§ **WHAT YOU WILL DO**:
In the listing below, pick out lines with "left".

§ **AVAILABLE DATA**:
▼▼▼

(* For every digraph $D$, the inverse limit $\varprojlim(D/P)_{P\in\mathcal{P}(D)}$ is a compact Hausdorff space, the map $\Phi\colon D\to\varprojlim(D/P)_{P\in\mathcal{P}(D)}$, $x\mapsto(\varphi_P(x))_{P\in\mathcal{P}(D)}$, is an embedding (a homeomorphism onto its image), and $\Phi(D)$ is dense in $\varprojlim(D/P)_{P\in\mathcal{P}(D)}$. In particular the inverse limit is a Hausdorff compactification of $D$.
   Context: Digraphs have no loops and no parallel edges. $D$ is regarded as a topological space with the 1-complex topology: each edge is a copy of $[0,1]$ glued at its endvertices; basic open sets are open stars of radius $\varepsilon$ around vertices and open subintervals of edges. A vertex set $Y$ separates vertex sets $A,B$ if every $A$–$B$ path meets $Y$ or every $B$–$A$ path meets $Y$. A finite partition $P$ of $V(D)$ is admissible if any two distinct classes of $P$ are separated by some finite vertex set; $\mathcal{P}(D)$ is the set of admissible partitions, directed by $P\le P'$ iff every class of $P'$ is contained in a class of $P$. For $P\in\mathcal{P}(D)$, $D/P$ is the finite multi-digraph with vertex set $P$ where, for distinct $p_1,p_2\in P$: if $D$ has finitely many edges from $p_1$ to $p_2$, there is one edge $(e,p_1,p_2)$ for each such edge $e$ of $D$; if infinitely many, there is a single quotient edge $(p_1p_2,p_1,p_2)$. $D/P$ carries the 1-complex topology. For $P\le P'$ the bonding map $f_{P'P}\colon D/P'\to D/P$ sends a vertex $p'$ to the class $p\supseteq p'$; an edge $(e',p_1',p_2')$ with $p_1',p_2'$ in the same class $p$ is mapped entirely to $p$; otherwise, with $p_1'\subseteq p_1$, $p_2'\subseteq p_2$, $p_1\ne p_2$, it is mapped pointwise (corresponding points) onto the quotient edge from $p_1$ to $p_2$ if $D/P$ has one, and otherwise onto the edge $(e',p_1,p_2)$ of $D/P$. The inverse limit $\varprojlim(D/P)_{P\in\mathcal{P}(D)}$ is the subspace of $\prod_P D/P$ of all $(x_P)_P$ with $f_{P'P}(x_{P'})=x_P$ for all $P\le P'$. $\varphi_P\colon D\to D/P$: a vertex $v$ goes to the class containing $v$; an inner point $z$ of an edge $vw$ goes to the class containing $v,w$ if they lie in the same class, and otherwise to the corresponding point on the edge of $D/P$ from the class of $v$ to the class of $w$ (the copy of $vw$, or the quotient edge). *)

From HB Require Import structures.
From mathcomp Require Import all_boot all_order all_algebra all_classical all_reals all_analysis.
From mathcomp Require Import Rstruct Rstruct_topology.

Set Implicit Arguments.
Unset Strict Implicit.
Unset Printing Implicit Defensive.
Import Order.TTheory GRing.Theory Num.Theory.
Local Open Scope classical_set_scope.
Local Open Scope ring_scope.

(** * Digraphs: no loops; no parallel edges (edges = ordered pairs). *)
Record digraph := Digraph {
  dvert : Type;
  dedge : dvert -> dvert -> Prop;
  dedge_irr : forall v, ~ dedge v v }.

Record cplx := Cplx {
  cV : Type;
  cE : Type;
  csrc : cE -> cV;
  ctgt : cE -> cV }.

(** Points of the 1-complex: vertices, and inner points [t] (0 < t < 1) of
    edges; the edge [e] is the copy of [0,1] with 0 glued to [csrc e] and
    1 glued to [ctgt e]. *)
Inductive cpoint (C : cplx) : Type :=
  | CV of cV C
  | CE (e : cE C) (t : Rdefinitions.R) of (0 < t < 1).

HB.instance Definition _ (C : cplx) := gen_eqMixin (cpoint C).
HB.instance Definition _ (C : cplx) := gen_choiceMixin (cpoint C).

Definition open_star (C : cplx) (x : cV C) (eps : Rdefinitions.R) : set (cpoint C) :=
  fun z => match z with
           | CV y => y = x
           | CE e t _ => (csrc e = x /\ t < eps) \/ (ctgt e = x /\ 1 - eps < t)
           end.

Definition edge_interval (C : cplx) (e : cE C) (a b : Rdefinitions.R) : set (cpoint C) :=
  fun z => match z with
           | CV _ => False
           | CE e' t _ => e' = e /\ a < t < b
           end.

Definition cbasic (C : cplx) : set (set (cpoint C)) :=
  fun U => (exists x eps, 0 < eps < 1 /\ U = open_star x eps)
        \/ (exists e a b, 0 <= a /\ a < b /\ b <= 1 /\ U = edge_interval e a b).

HB.instance Definition _ (C : cplx) :=
  isSubBaseTopological.Build (cpoint C) (@cbasic C) id.

Definition dedges (D : digraph) := {uv : dvert D * dvert D | dedge uv.1 uv.2}.
Definition dcplx (D : digraph) : cplx :=
  @Cplx (dvert D) (dedges D) (fun e => (sval e).1) (fun e => (sval e).2).
Definition dspace (D : digraph) := cpoint (dcplx D).

Fixpoint is_walk (D : digraph) (x : dvert D) (s : list (dvert D)) : Prop :=
  match s with
  | nil => True
  | cons y s' => dedge x y /\ is_walk y s'
  end.

Fixpoint walk_meets (D : digraph) (Y : set (dvert D)) (s : list (dvert D)) : Prop :=
  match s with
  | nil => False
  | cons y s' => Y y \/ walk_meets Y s'
  end.

Definition all_paths_meet (D : digraph) (Y A B : set (dvert D)) : Prop :=
  forall (a : dvert D) (s : list (dvert D)),
    A a -> is_walk a s -> B (last a s) -> walk_meets Y (cons a s).

Definition separates (D : digraph) (Y A B : set (dvert D)) : Prop :=
  all_paths_meet Y A B \/ all_paths_meet Y B A.

Definition finite_partition (D : digraph) (P : set (set (dvert D))) : Prop :=
  [/\ finite_set P,
      (forall p, P p -> p !=set0),
      (forall p q, P p -> P q -> p `&` q !=set0 -> p = q)
    & (forall v, exists2 p, P p & p v)].

Definition admissible (D : digraph) (P : set (set (dvert D))) : Prop :=
  finite_partition P /\
  forall p q, P p -> P q -> p <> q ->
    exists Y : set (dvert D), finite_set Y /\ separates Y p q.

Definition adm_part (D : digraph) := {P : set (set (dvert D)) | admissible P}.

Definition part_le (D : digraph) (P P' : adm_part D) : Prop :=
  forall p', sval P' p' -> exists2 p, sval P p & p' `<=` p.

Section Quotient.
Variables (D : digraph) (P : adm_part D).

Definition qvert := {p : set (dvert D) | sval P p}.

(** the class of P containing v *)
Definition cls (v : dvert D) : qvert :=
  let h := match proj2_sig P with conj hp _ =>
             match hp with And4 _ _ _ hc => hc v end end in
  let w := cid2 h in exist _ (sval w) (s2valP w).

Definition edges_between (p1 p2 : set (dvert D)) : set (dvert D * dvert D) :=
  [set uv | dedge uv.1 uv.2 /\ p1 uv.1 /\ p2 uv.2].

(** raw edge labels of D/P: copies of D-edges, and quotient edges *)
Inductive qlabel :=
  | QCopy (u v : dvert D)
  | QQuot (p1 p2 : set (dvert D)).

Definition qvalid (l : qlabel) : Prop :=
  match l with
  | QCopy u v => [/\ dedge u v, sval (cls u) <> sval (cls v)
                   & finite_set (edges_between (sval (cls u)) (sval (cls v)))]
  | QQuot p1 p2 => [/\ sval P p1, sval P p2, p1 <> p2
                   & ~ finite_set (edges_between p1 p2)]
  end.

Definition qedge := {l : qlabel | qvalid l}.

Definition qsrc (l : qedge) : qvert :=
  match l with
  | exist l0 h =>
    (match l0 return qvalid l0 -> qvert with
     | QCopy u v => fun _ => cls u
     | QQuot p1 p2 => fun h => exist _ p1 (match h with And4 h1 _ _ _ => h1 end)
     end) h
  end.

Definition qtgt (l : qedge) : qvert :=
  match l with
  | exist l0 h =>
    (match l0 return qvalid l0 -> qvert with
     | QCopy u v => fun _ => cls v
     | QQuot p1 p2 => fun h => exist _ p2 (match h with And4 _ h2 _ _ => h2 end)
     end) h
  end.

Definition qcplx : cplx := @Cplx qvert qedge qsrc qtgt.

End Quotient.

Definition qspace (D : digraph) (P : adm_part D) := cpoint (qcplx P).

Section Bonding.
Variables (D : digraph) (P P' : adm_part D) (hle : part_le P P').

(** the class of P containing the class p' of P' *)
Definition up (p' : qvert P') : qvert P :=
  let w := cid2 (hle (proj2_sig p')) in exist _ (sval w) (s2valP w).

Definition bond (z : qspace P') : qspace P :=
  match z with
  | CV p' => @CV (qcplx P) (up p')
  | CE l' t ht =>
    let q1 := up (qsrc l') in
    let q2 := up (qtgt l') in
    match pselect (q1 = q2) with
    | left _ => @CV (qcplx P) q1
    | right _ =>
      match pselect (qvalid P (QQuot (sval q1) (sval q2))) with
      | left hq => @CE (qcplx P) (exist _ _ hq) t ht
      | right _ =>
        match sval l' with
        | QCopy u v =>
          match pselect (qvalid P (QCopy u v)) with
          | left hc => @CE (qcplx P) (exist _ _ hc) t ht
          | right _ => @CV (qcplx P) q1 (* unreachable *)
          end
        | QQuot _ _ => @CV (qcplx P) q1 (* unreachable *)
        end
      end
    end
  end.

End Bonding.

Definition phi (D : digraph) (P : adm_part D) (z : dspace D) : qspace P :=
  match z with
  | CV v => @CV (qcplx P) (cls P v)
  | CE e t ht =>
    let u := (sval e).1 in
    let v := (sval e).2 in
    match pselect (cls P u = cls P v) with
    | left _ => @CV (qcplx P) (cls P u)
    | right _ =>
      match pselect (qvalid P (QCopy u v)) with
      | left hc => @CE (qcplx P) (exist _ _ hc) t ht
      | right _ =>
        match pselect (qvalid P (QQuot (sval (cls P u)) (sval (cls P v)))) with
        | left hq => @CE (qcplx P) (exist _ _ hq) t ht
        | right _ => @CV (qcplx P) (cls P u) (* unreachable *)
        end
      end
    end
  end.

Definition qprod (D : digraph) := prod_topology (@qspace D).

Definition invlim (D : digraph) : set (qprod D) :=
  [set x | forall (P P' : adm_part D) (h : part_le P P'), bond h (x P') = x P].

Definition Phi (D : digraph) (z : dspace D) : qprod D := fun P => phi P z.

Arguments invlim : clear implicits.
Arguments Phi : clear implicits.

From Pilot Require Import Defs.
From HB Require Import structures.
From mathcomp Require Import all_boot all_order all_algebra all_classical all_reals all_analysis.
From mathcomp Require Import Rstruct Rstruct_topology.
From mathcomp Require Import finmap.
From mathcomp Require Import lra.

(* Each quotient D/P is a finite 1-complex, hence compact Hausdorff, and the
   maps phi_P and the bonding maps send every edge either to a vertex or
   linearly onto an edge, hence are continuous; so the inverse limit is a
   closed subspace of a compact Hausdorff product.  A basic open set of D (a
   star around x, or a subinterval of an edge uv) is the preimage of an open
   set of D/P for the admissible partition P splitting off {x} (resp. {u, v})
   into singletons, which makes Phi an embedding.  Admissible partitions have
   common refinements, so the preimages of open sets of single factors form a
   neighbourhood base of the inverse limit; as every phi_P is onto, Phi(D) is
   dense. *)

Set Implicit Arguments.
Unset Strict Implicit.
Unset Printing Implicit Defensive.
Import Order.TTheory GRing.Theory Num.Theory.
Local Open Scope classical_set_scope.
Local Open Scope ring_scope.
(* [all_analysis] also exports a [cpoint] (the centre of a ball). *)
Local Notation cpoint := Defs.cpoint.

Lemma sval_inj (T : Type) (P : T -> Prop) : injective (@sval T P).
Proof. by case=> [x px] [y py] /= xy; exact: eq_exist. Qed.

Lemma finite_setT_sig (T : Type) (P : T -> Prop) (A : set T) :
  finite_set A -> P `<=` A -> finite_set [set: {x | P x}].
Proof.
move=> fA PA; have -> : [set: {x | P x}] = sval @^-1` A.
  by apply/seteqP; split => // -[x px] _; exact: PA.
by apply: finite_preimage => // x y _ _; exact: sval_inj.
Qed.

Lemma finite_bigcup_compact (X : topologicalType) (I : Type) (A : set I)
  (F : I -> set X) : finite_set A -> (forall i, A i -> compact (F i)) ->
  compact (\bigcup_(i in A) F i).
Proof.
move=> fA cF; rewrite -(@bigsetU_fset_set X {classic I} A F fA) big_seq_cond.
apply: bigsetU_compact => i /andP[+ _]; rewrite in_fset_set // => /set_mem.
exact: cF.
Qed.

Lemma closed_equalizer (T U : topologicalType) (f g : T -> U) :
  hausdorff_space U -> continuous f -> continuous g -> closed [set x | f x = g x].
Proof.
move=> hU cf cg x clx; apply: hU => A B nA nB.
have : nbhs x (f @^-1` A `&` g @^-1` B) by apply: filterI; [exact: cf|exact: cg].
by case/clx => y [/= fyg [Ay By]]; exists (f y); split => //; rewrite fyg.
Qed.

Lemma cvg_prod_topology (I : Type) (K : I -> topologicalType)
  (F : set_system (prod_topology K)) (x : prod_topology K) :
  Filter F -> (forall i, proj i @ F --> x i) -> F --> x.
Proof.
move=> FF Fx; apply/cvg_sup => i A /= [B [[C oC <-] Bx sBA]].
rewrite nbhs_filterE; apply: (filterS sBA); apply: (Fx i C).
by apply: open_nbhs_nbhs; split.
Qed.

Section InverseLimit.
Context {I : eqType} (K : I -> topologicalType) (le : I -> I -> Prop)
  (f : forall i j, le i j -> K j -> K i).
Hypothesis f_cont : forall i j (h : le i j), continuous (f h).

Definition inverse_limit : set (prod_topology K) :=
  [set x | forall i j (h : le i j), f h (x j) = x i].

Lemma closed_inverse_limit :
  (forall i, hausdorff_space (K i)) -> closed inverse_limit.
Proof.
move=> hK x clx i j h.
have : closed [set y : prod_topology K | f h (proj j y) = proj i y].
  apply: closed_equalizer => //; last exact: proj_continuous.
  by move=> y; apply: continuous_comp; [exact: proj_continuous|exact: f_cont].
by apply; apply: (closureS _ clx) => y; apply.
Qed.

Lemma compact_inverse_limit : (forall i, hausdorff_space (K i)) ->
  (forall i, compact [set: K i]) -> compact inverse_limit.
Proof.
move=> hK cK; apply: (@subclosed_compact _ _ setT) => //.
  exact: closed_inverse_limit.
have := tychonoff cK; congr compact.
by apply/seteqP; split.
Qed.

Hypothesis le_directed : forall i j, exists k, le i k /\ le j k.
Variable i0 : I.

Lemma inverse_limit_nbhs x W : inverse_limit x -> nbhs x W ->
  exists i (V : set (K i)),
    nbhs (x i) V /\ inverse_limit `&` proj i @^-1` V `<=` W.
Proof.
move=> limx; pose G := [set W | exists i (V : set (K i)),
  nbhs (x i) V /\ inverse_limit `&` proj i @^-1` V `<=` W].
suff : nbhs x `<=` G by apply.
apply: cvg_prod_topology => [|i V xV]; last by exists i, V; split => // y [].
constructor.
- by exists i0, setT; split => //; exact: filterT.
- move=> A B [i [V [xV sA]]] [j [V' [xV' sB]]].
  have [k [ik jk]] := le_directed i j.
  exists k, (f ik @^-1` V `&` f jk @^-1` V'); split.
    by apply: filterI; apply: f_cont; rewrite limx.
  move=> y [limy [/= Vy V'y]]; split.
    by apply: sA; split => //; rewrite /= /proj -(limy _ _ ik).
  by apply: sB; split => //; rewrite /= /proj -(limy _ _ jk).
- by move=> A B AB [i [V [xV sA]]]; exists i, V; split => // y /sA /AB.
Qed.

▲▲▲

§ **ANSWER SECTION**:
    | left _ => @CV (qcplx P) q1
      | left hq => @CE (qcplx P) (exist _ _ hq) t ht
          | left hc => @CE (qcplx P) (exist _ _ hc) t ht
    | left _ => @CV (qcplx P) (cls P u)
      | left hc => @CE (qcplx P) (exist _ _ hc) t ht
        | left hq => @CE (qcplx P) (exist _ _ hq) t ht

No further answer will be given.